Microscopy of thin AlN layers grown by MBE on (111) silicon

Abstract

After the discovery of graphene many other materials were subject of research in a 2D form among them some of them showed bandgap at room temperature. There were a lot of theoretical papers which predicted the properties of the appropriate candidates. AlN layer is widely used as a buffer layer for the epitaxial growth of III‐Nitrides on SiC, Si and Al 2 O 3 substrates. In this work, the formation of a few monolayers thick graphene‐like AlN (g‐AlN) layer on a (111)‐oriented silicon substrate in ammonia molecular beam epitaxy (MBE) has been studied using various transmission electron microscopy (TEM) techniques. Flat, ultrathin layer of AlN was deposited on an ammonia treated (111) Si substrate (1). Two samples with thick (15‐25 monolayer) and thin (3‐4 monolayer) AlN were prepared. Cross sectional TEM specimens were prepared using the conventional mechanical polishing and low‐energy (<1 keV) low‐angle Ar ion milling. TEM images (not shown) used to measure the AlN layer thicknesses as X and Y nm in the two samples. The chemical composition of the interface structure between the AlN and Si substrate was studied by spectrum imaging; combining energy dispersive X‐ray spectroscopy (EDXS) and scanning TEM (STEM) in an aberration‐corrected FEI Titan 80‐200 ChemiSTEM microscope.
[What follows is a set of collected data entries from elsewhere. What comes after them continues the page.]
(* Let $n\ge3$ and let $\Gamma$ be a $\mathbb{D}_n$-symmetric billiard curve. Let $H=\langle\rho,\sigma\rangle\subset\mathbb{D}_n$ be a dihedral subgroup of order $2N$ with $N\ge3$, generated by a rotation $\rho$ of order $N$ and a reflection $\sigma$. Let $z\in\Gamma^{\mathbb{Z}}$ be a billiard sequence of minimal period $p\ge3$ with spatiotemporal symmetry group $H(z)=H$. Then: - $p$ is an integer multiple of $N$; - there is a unique $1\le M\le N-1$ with $\gcd(M,N)=1$ such that $\rho^M(z_i)=z_{p/N+i}$ for all $i$; - there is a unique $0\le k<p$ such that $\sigma(z_i)=z_{k-i}$ for all $i$.
   Context: $\mathbb{D}_n=\langle R,S\rangle$, where $R$ is rotation by $2\pi/n$ and $S$ is the horizontal reflection. A $\mathbb{D}_n$-symmetric billiard curve is a $C^2$ simple closed $\mathbb{D}_n$-invariant curve bounding a strictly convex domain. A billiard sequence is $z\in\Gamma^{\mathbb{Z}}$ with $z_i\ne z_{i+1}$. The spatiotemporal symmetry group $H(z)$ is the set of $h\in\mathbb{D}_n$ for which there is $k\in\mathbb{Z}$ with $h(z_i)=z_{k+i}$ for all $i$ (time-preserving) or $h(z_i)=z_{k-i}$ for all $i$ (time-reversing). *)

From HB Require Import structures.
From mathcomp Require Import all_boot all_order all_algebra.
From mathcomp Require Import all_classical all_reals all_analysis.
Set Implicit Arguments. Unset Strict Implicit. Unset Printing Implicit Defensive.
Import Order.TTheory GRing.Theory Num.Theory numFieldNormedType.Exports.
Local Open Scope classical_set_scope.
Local Open Scope ring_scope.

Section Defs.
Variable R : realType.
Notation P2 := (R * R)%type.

Definition rot (t : R) (v : P2) : P2 :=
  (cos t * v.1 - sin t * v.2, sin t * v.1 + cos t * v.2).

Definition Rn (n k : nat) : P2 -> P2 := rot (2 * pi * k%:R / n%:R).

Definition Sref (v : P2) : P2 := (v.1, - v.2).

Definition Dn (n : nat) : set (P2 -> P2) :=
  [set g | exists k : nat, exists b : bool,
           g = Rn n k \o (if b then Sref else id)].

Definition is_rotation (n : nat) (g : P2 -> P2) : Prop :=
  exists k : nat, g = Rn n k.
Definition is_reflection (n : nat) (g : P2 -> P2) : Prop :=
  exists k : nat, g = Rn n k \o Sref.

Definition has_order (g : P2 -> P2) (N : nat) : Prop :=
  (0 < N)%N /\ iter N g = id /\ forall m : nat, (0 < m < N)%N -> iter m g <> id.

Definition gen_group (A : set (P2 -> P2)) : set (P2 -> P2) :=
  [set g | forall S : set (P2 -> P2),
      S id -> A `<=` S ->
      (forall f h, S f -> S h -> S (f \o h)) ->
      (forall f h, S f -> f \o h = id -> h \o f = id -> S h) ->
      S g].

Definition C2 (f : R -> R) : Prop :=
  (forall t, derivable f t 1) /\ (forall t, derivable (derive1 f) t 1) /\
  continuous (derive1 (derive1 f) : R -> R).

Definition segment_pt (a b : P2) (t : R) : P2 :=
  ((1 - t) * a.1 + t * b.1, (1 - t) * a.2 + t * b.2).

Definition strictly_convex (K : set P2) : Prop :=
  forall a b, closure K a -> closure K b -> a <> b ->
  forall t, 0 < t < 1 -> (interior K) (segment_pt a b t).

Definition billiard_curve (Gamma : set P2) : Prop :=
  (exists (L : R) (x y : R -> R),
     0 < L /\ C2 x /\ C2 y /\
     (forall t, x (t + L) = x t /\ y (t + L) = y t) /\
     (forall t, (derive1 x t) ^+ 2 + (derive1 y t) ^+ 2 != 0) /\
     (forall s t, 0 <= s < L -> 0 <= t < L -> (x s, y s) = (x t, y t) -> s = t) /\
     Gamma = [set (x t, y t) | t in `[0, L[]) /\
  (exists K : set P2, strictly_convex K /\ Gamma = closure K `\` interior K).

Definition Dn_symmetric_billiard_curve (n : nat) (Gamma : set P2) : Prop :=
  billiard_curve Gamma /\ forall g, Dn n g -> g @` Gamma = Gamma.

Definition billiard_sequence (Gamma : set P2) (z : int -> P2) : Prop :=
  (forall i, Gamma (z i)) /\ (forall i, z i <> z (i + 1)).

Definition minimal_period (z : int -> P2) (p : nat) : Prop :=
  (0 < p)%N /\ (forall i, z (i + p%:Z) = z i) /\
  (forall q : nat, (0 < q < p)%N -> exists i, z (i + q%:Z) <> z i).

Definition spatiotemporal (n : nat) (z : int -> P2) : set (P2 -> P2) :=
  [set h | Dn n h /\
     ((exists k : int, forall i, h (z i) = z (k + i)) \/
      (exists k : int, forall i, h (z i) = z (k - i)))].

End Defs.

From Pilot Require Import Defs.
From HB Require Import structures.
From mathcomp Require Import all_boot all_order all_algebra.
From mathcomp Require Import all_classical all_reals all_analysis.
From mathcomp Require Import ring lra zify.
Set Implicit Arguments.
Unset Strict Implicit.
Unset Printing Implicit Defensive.
Import Order.TTheory GRing.Theory Num.Theory.

(* A plane rotation fixing two distinct points is the identity, and consecutive
   points of a billiard sequence are distinct (this is the only property of
   billiards used); so an element of H(z) that fixes every z_i is trivial.
   Hence rho cannot reverse time (rho^2 would fix z, so N | 2): it shifts z by
   some k, and rho^j fixes z iff p | j k.  Thus N is the order of k in Z/pZ,
   i.e. p = N gcd(k, p), and rho^M shifts z by p / N = gcd(k, p) exactly for
   the M inverting k / gcd(k, p) modulo N.  A time-preserving sigma would
   commute with rho on z, and sigma rho sigma = rho^-1 would make rho^2 fix
   every sigma(z_i); so sigma reverses time, and its reversal index is unique
   modulo p by minimality of the period. *)

Section ShiftOrder.
Variables N p k : nat.
Hypothesis p_gt0 : 0 < p.
Hypothesis N_gt1 : 1 < N.
(* [N] is the order of [k] in [Z/pZ]. *)
Hypothesis dvdn_order_shift : forall j, (N %| j) = (p %| j * k).
Theorem lemma8 (R : realType) (n : nat) (e : rel 'I_n) (x : 'I_n -> 'I_n -> R)
  (Tset : {set 'I_n}) (t : 'I_n)
  (v : 'I_n -> 'cV[R]_n)
  (d : measure_display) (Omega : measurableType d) (P : probability Omega R)
  (theta : 'I_n -> Omega -> R) (S : Omega -> 'I_n) (G : Omega -> R)
  (sigma2 : R) (thetah : 'I_n -> Omega -> R) :
  is_network e x ->
  (2 <= #|Tset|)%N -> t \in Tset ->
  (forall s, s \in Tset :\ t -> is_vst (Bhat e x) s t (v s)) ->
  (forall i, theta i \in Lfun P 2%:E) ->
  (forall w, theta t w = 0) ->
  (forall w, S w \in Tset :\ t) ->
  (forall i, measurable (S @^-1` [set i])) ->
  (forall s, s \in Tset :\ t ->
     P (S @^-1` [set s]) = ((#|Tset :\ t|%:R)^-1)%:E) ->
  G \in Lfun P 2%:E ->
  ('E_P[G] = 0)%E ->
  'V_P[G] = sigma2%:E ->
  mutually_indep3 P theta S G ->
  (forall w, thetah t w = 0) ->
  (forall w, Bhat e x *m rvec thetah w
             = Bhat e x *m rvec theta w + G w *: uvec R (S w) t) ->
  covmx P thetah
  = covmx P theta
    + (sigma2 / (#|Tset|.-1)%:R) *: \sum_(s in Tset :\ t) (v s *m (v s)^T).
Proof.
move=> net _ tT hv theta2 tht0 hS mS PS G2 EG0 VG indep thh0 hB.
set T' := Tset :\ t.
have cardT' : #|Tset|.-1 = #|T'| by rewrite /T' (cardsD1 t Tset) tT.
have decomp i : thetah i = (theta i \+ \sum_(s in T') v s i 0 \o* on_bus S s G)%R.
  apply/funext => w; rewrite /= sum_on_bus // mulrC.
  have grounded (X : 'I_n -> Omega -> R) :
      (forall w, X t w = 0) -> rvec X w t 0 = 0 by rewrite mxE.
  have /matrixP/(_ i 0) := Bhat_grounded_solution net (hv _ (hS w)) (hB w)
    (grounded _ thh0) (grounded _ tht0).
  by rewrite !mxE.
have cov_on_bus s r : s \in T' -> r \in T' ->
    covariance P (on_bus S s G) (on_bus S r G)
    = (if s == r then #|T'|%:R^-1 * sigma2 else 0)%:E.
  move=> sT _; rewrite (covariance_on_bus theta2 G2 mS indep EG0).
  by case: eqP => // _; rewrite PS // VG -EFinM.
have cov_fin i j : covariance P (theta i) (theta j) \is a fin_num.
  apply: covariance_fin_num; [exact/Lfun2_Lfun1/theta2|exact/Lfun2_Lfun1/theta2|].
  exact: Lfun2_mul_Lfun1 (theta2 i) (theta2 j).
apply/matrixP => i j; rewrite !mxE summxE !decomp.
have Z2 s : on_bus S s G \in Lfun P 2%:E by exact: Lfun2_on_bus_G.
have cov_theta := covariance_theta_on_bus theta2 G2 mS indep EG0.
rewrite (covariance_uncorrelated_sum _ _ (theta2 i) (theta2 j) Z2 (cov_theta i)
  (cov_theta j) cov_on_bus).
rewrite -(fineK (cov_fin i j)) -EFinD /= cardT' [sigma2 / _]mulrC.
by congr (_ + _ * _); apply: eq_bigr => s _; rewrite !mxE big_ord1 !mxE.
Qed.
Figure 1 shows the Si and N map of the sample containing 15‐25 AlN monolayers. The elements distribution across the interface extracted as linescans and shown in Fig. 1b suggests nitrogen enrichment between the Si and AlN. The interface structure was further studied by aberration‐corrected TEM using an FEI Titan 80‐300 kV TEM operated at 300 kV. Figure 2 shows the boundary structure very clearly, where ‐ based on the measured distances (3.3 Å and 1.9 Å) ‐ we suppose that two layers of Si 3 N 4 phase were grown onto the silicon probably due to the ammonia treatment prior the AlN deposition. The first three sheets of AlN was measured to be as 2.86 Å and 2.60 Å that are higher than the wurtzite‐type AlN (2.5 Å) suggesting that the AlN does not immediately follow the wurtzite‐type stacking. The results promise not only the formation of few layer AlN with different properties from the thick layers, but also their possible integration into the silicon device technology.